И невысокий, но плечистый Мавр принялся решительно и бесцеремонно прокладывать себе дорогу сквозь толпу. А за ним-то Бекки легко было шагать.

Конечно, кое-кто из прохожих насмешливо оборачивался. Да и то сказать, подобное зрелище не часто увидишь на Оксфорд-стрит. Джентльмен в цилиндре, со смуглым лицом, обрамленным черной бородой, лицом настолько незаурядным, что его запомнишь среди тысячи, джентльмен в сюртуке, пусть сшитом не по самой последней моде, однако же из тонкого сукна, словом, бесспорно «джентльмен», – и вдруг тащит мешок и корзину с грибами! Беседует с нищей девчонкой и при этом, вопреки всем приличиям, громко хохочет! Да еще останавливается посреди тротуара, мешая прохожим!

– Хэлло, милорд! Не соизволите ли чуть поживее! А то как бы вам не потерять свой посох, – с издевкой произнес молодой щеголь в голубом фраке.

Его спутники обернулись и загоготали.

Бекки не на шутку испугалась злобного гогота.

– Пойдемте отсюда скорей… эти люди…

Мавр не дал ей договорить.

– А какое нам до них дело? Пусть себе болтают! Мы идем своей дорогой. От такого господчика ничего умного не дождешься.

Но Бекки никак не могла успокоиться.

– Все они такие… – Она запнулась.

Бекки хотела сказать: все богатые люди. Но ведь и ее провожатый тоже был одет как богатый. Рабочим он быть не мог. Но и не мог быть таким бездельником, как эти. И, уж конечно, никакой он не фабрикант. Но кто же он тогда? Когда идешь с ним рядом, ничего и никого не боишься.

Покрепче зажав под мышкой трость, Мавр беззаботно сказал:

– Просто им завидно, что у меня целая корзина отборных грибков. Шампиньоны – где их сейчас купишь? Вы, должно быть, долго собирали?

Бекки кивнула и опять в тон ему весело ответила:

– А может, они удивляются, что у нашего толстого кабана ног нет и мы сами его тащим?

– Так оно и есть. А теперь скажи мне, как тебя зовут, и как звать твоих братьев и сестер, и чем вы занимаетесь. Я все хочу знать, уж такой я отроду любопытный.
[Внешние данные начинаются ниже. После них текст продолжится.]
(* In the application, [x - (r + dl) n] and [x - D N] are the nearest points of
   [O_j] and [O_i]. *)
Lemma far_halfplane x n N q r dl D eps :
  dot n n = 1 -> dot N N = 1 -> 0 < r -> 0 <= dl -> 0 < D ->
  2 * r + 2 * eps < norm (vsub (vsub x (vscale D N)) (vsub x (vscale (r + dl) n))) ->
  disk (vsub x (vscale dl n)) eps q -> halfplane (vsub x (vscale (/ 2 * dl) n)) n q ->
  halfplane (vsub x (vscale (/ 2 * (D - r)) N)) N q.
Proof.
  intros Hn HN Hr Hdl HD Hsep Hdisk Hh.
  pose proof (disk_halfplane_norm_le x n dl eps q Hn Hdl Hdisk Hh) as Hu.
  unfold halfplane. rewrite dot_shift, HN.
  destruct (Rle_or_lt (r + 2 * eps) D) as [Hfar|Hnear].
  - assert (HNnorm : norm N = 1) by (apply norm_eq; lra).
    pose proof (dot_le_norm_mul (vsub x q) N) as Hcs.
    rewrite HNnorm, norm_vsub_sym in Hcs.
    replace (dot (vsub x q) N) with (- dot (vsub q x) N) in Hcs by (vec_expand; ring).
    lra.
  - assert (Hcj : norm (vsub (vsub x (vscale dl n)) (vsub x (vscale (r + dl) n))) = r).
    { replace (vsub (vsub x (vscale dl n)) (vsub x (vscale (r + dl) n))) with (vscale r n)
        by (vec_expand; f_equal; ring).
      apply norm_eq; [lra|]. vec_expand. nra. }
    pose proof (norm_triangle q (vsub x (vscale dl n)) (vsub x (vscale (r + dl) n))).
    pose proof (norm_triangle (vsub x (vscale D N)) q (vsub x (vscale (r + dl) n))) as Hij.
    rewrite (norm_vsub_sym (vsub x (vscale D N)) q) in Hij. unfold disk in Hdisk.
    assert (Hqi : r + eps < norm (vsub q (vsub x (vscale D N)))) by lra.
    apply norm_gt_iff in Hqi; [|pose proof (norm_ge0 (vsub q x)); lra].
    rewrite dot_shift_self, HN in Hqi.
    apply norm_le_iff in Hu; [|pose proof (norm_ge0 (vsub q x)); lra].
    assert (Hprod : D * (r - D) < 2 * D * dot (vsub q x) N) by nra.
    nra.
Qed.

Lemma Hhalf_halfplane O r i x q :
  Hhalf O r i x q <->
  halfplane (vsub x (vscale (/ 2 * (dist_pt x (O i) - r)) (nvec O i x))) (nvec O i x) q.
Proof.
  unfold Hhalf, halfplane.
  replace (vadd (vsub q x) (vscale (/ 2 * (dist_pt x (O i) - r)) (nvec O i x)))
    with (vsub q (vsub x (vscale (/ 2 * (dist_pt x (O i) - r)) (nvec O i x))))
    by (vec_expand; f_equal; ring).
  reflexivity.
Qed.

Lemma wall_goal_on_circle x n dl eps a : dot n n = 1 -> a * a = 1 -> 0 <= eps ->
  norm (vsub (vadd (vadd (vsub x (vscale dl n)) (vscale (eps / 2) n))
                   (vscale (a * eps * sqrt 3 / 2) (Jrot n)))
             (vsub x (vscale dl n))) = eps.
Proof.
  intros Hn Ha Heps. apply norm_eq; [exact Heps|].
  pose proof (sqrt_sqrt 3 ltac:(lra)) as H3.
  destruct x as [x1 x2], n as [n1 n2]; unfold vadd, vsub, vscale, dot, Jrot in *; simpl in *.
  transitivity ((eps * eps / 4) * (n1 * n1 + n2 * n2) * (1 + a * a * (sqrt 3 * sqrt 3))).
  - field.
  - rewrite Hn, Ha, H3. field.
Qed.

Lemma wall_goal_halfplane x n dl eps a : dot n n = 1 -> dl <= eps ->
  halfplane (vsub x (vscale (/ 2 * dl) n)) n
    (vadd (vadd (vsub x (vscale dl n)) (vscale (eps / 2) n))
          (vscale (a * eps * sqrt 3 / 2) (Jrot n))).
Proof.
  intros Hn Hdl. unfold halfplane.
  rewrite dot_shift. set (p := vadd (vadd _ _) _).
  replace (dot (vsub p x) n) with ((eps / 2 - dl) * dot n n) by (unfold p; vec_expand; ring).
  rewrite Hn. lra.
Qed.

Section NearestObstacle.

Variables (m : nat) (O : nat -> pt -> Prop) (r eps : R) (x : pt) (j : nat).

Hypothesis obstacles_regular :
  forall i, (i < m)%nat -> nonempty (O i) /\ is_closed (O i) /\ is_convex (O i).
Hypothesis obstacles_separated : forall i l, (i < m)%nat -> (l < m)%nat -> i <> l ->
  2 * r + 2 * eps < dist_set (O i) (O l).
Hypothesis r_pos : 0 < r.
Hypothesis j_lt_m : (j < m)%nat.
Hypothesis j_nearest : dist_pt x (O j) = min_obs_dist m O x.

Let dl := delta m O r x.
Let n := nvec O j x.

Hypothesis delta_pos : 0 < dl.

Lemma dist_nearest : dist_pt x (O j) = r + dl.
Proof. unfold dl, delta. lra. Qed.

Lemma dist_obstacle_ge i : (i < m)%nat -> r + dl <= dist_pt x (O i).
Proof. intros Hi. pose proof (min_obs_dist_le m O x i Hi). unfold dl, delta. lra. Qed.

Lemma obstacle_nvec_spec i : (i < m)%nat ->
  O i (proj (O i) x) /\
  proj (O i) x = vsub x (vscale (dist_pt x (O i)) (nvec O i x)) /\
  dot (nvec O i x) (nvec O i x) = 1.
Proof.
  intros Hi. destruct (obstacles_regular i Hi) as [Hne [Hcl Hcv]].
  apply nvec_spec; auto. pose proof (dist_obstacle_ge i Hi). lra.
Qed.

Lemma Hhalf_nearest q : Hhalf O r j x q <-> halfplane (x_h m O r j x) n q.
Proof.
  rewrite Hhalf_halfplane, dist_nearest. replace (r + dl - r) with dl by ring. reflexivity.
Qed.

Lemma LFw_iff q :
  LFw m O r eps j x q <-> disk (x_offset m O r j x) eps q /\ halfplane (x_h m O r j x) n q.
Proof.
  unfold LFw, LF. split.
  - intros [HLF Hdisk]. split; [exact Hdisk|]. apply Hhalf_nearest, HLF, j_lt_m.
  - intros [Hdisk Hh]. split; [|exact Hdisk]. intros i Hi.
    destruct (Nat.eq_dec i j) as [->|Hij]; [now apply Hhalf_nearest|].
    destruct (obstacle_nvec_spec i Hi) as [HPi [Epi HNi]].
    destruct (obstacle_nvec_spec j j_lt_m) as [HPj [Epj Hnj]].
    rewrite dist_nearest in Epj. fold n in Epj.
    apply Hhalf_halfplane.
    apply (far_halfplane x n (nvec O i x) q r dl (dist_pt x (O i)) eps Hnj HNi r_pos).
    + apply Rlt_le, delta_pos.
    + pose proof (dist_obstacle_ge i Hi). lra.
    + rewrite <- Epi, <- Epj.
      pose proof (dist_set_le (O i) (O j) _ _ HPi HPj).
      pose proof (obstacles_separated i j Hi j_lt_m Hij). lra.
    + exact Hdisk.
    + exact Hh.
Qed.

Hypothesis delta_lt_eps : dl < eps.

Lemma x_interior : interior2 (LFw m O r eps j x) x.
Proof.
  destruct (obstacle_nvec_spec j j_lt_m) as [_ [_ Hn]]. fold n in Hn.
  apply (interior2_ext _ _ x LFw_iff), disk_halfplane_interior; [exact Hn| |].
  - change (norm (vsub x (vsub x (vscale dl n))) < eps).
    rewrite vsub_vsub_self, norm_vscale, (norm_eq n 1); lra.
  - change (0 < dot (vsub x (vsub x (vscale (/ 2 * dl) n))) n).
    rewrite vsub_vsub_self, dot_vscale_l, Hn. lra.
Qed.

Lemma x_p_boundary a : a * a = 1 -> boundary2 (LFw m O r eps j x) (x_p m O r eps a j x).
Proof.
  intros Ha. destruct (obstacle_nvec_spec j j_lt_m) as [_ [_ Hn]].
  apply (boundary2_ext _ _ _ LFw_iff), disk_halfplane_boundary.
  - lra.
  - apply wall_goal_on_circle; [exact Hn|exact Ha|lra].
  - apply wall_goal_halfplane; [exact Hn|apply Rlt_le, delta_lt_eps].
Qed.

End NearestObstacle.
Они свернули на Хай-стрит, где, по крайней мере, могли идти рядом, хотя и тут было очень людно.

Бекки принялась рассказывать. Ей это не часто случалось. Звать ее Бекки Клинг.

– Вообще-то мое имя Ребекка, но так меня никто не называет.

– Гм, так обычно и бывает с именами, – подтвердил Мавр. – Дали тебе имя в детстве, а добрые друзья скоро находят тебе куда более подходящее, а иногда и смешное, и оно так за тобой и остается. Меня все зовут Мавр. Друзья, разумеется. Ну, и жена с дочурками, Женни и Лаурой, да еще маленький Муш. Его настоящее имя Эдгар. Им всем нравится называть меня Мавром. А ведь я никакой не мавр, во всяком случае не настоящий, из Мавритании. – И, подняв густую бровь, он лукаво подмигнул Бекки. Глаза его смеялись.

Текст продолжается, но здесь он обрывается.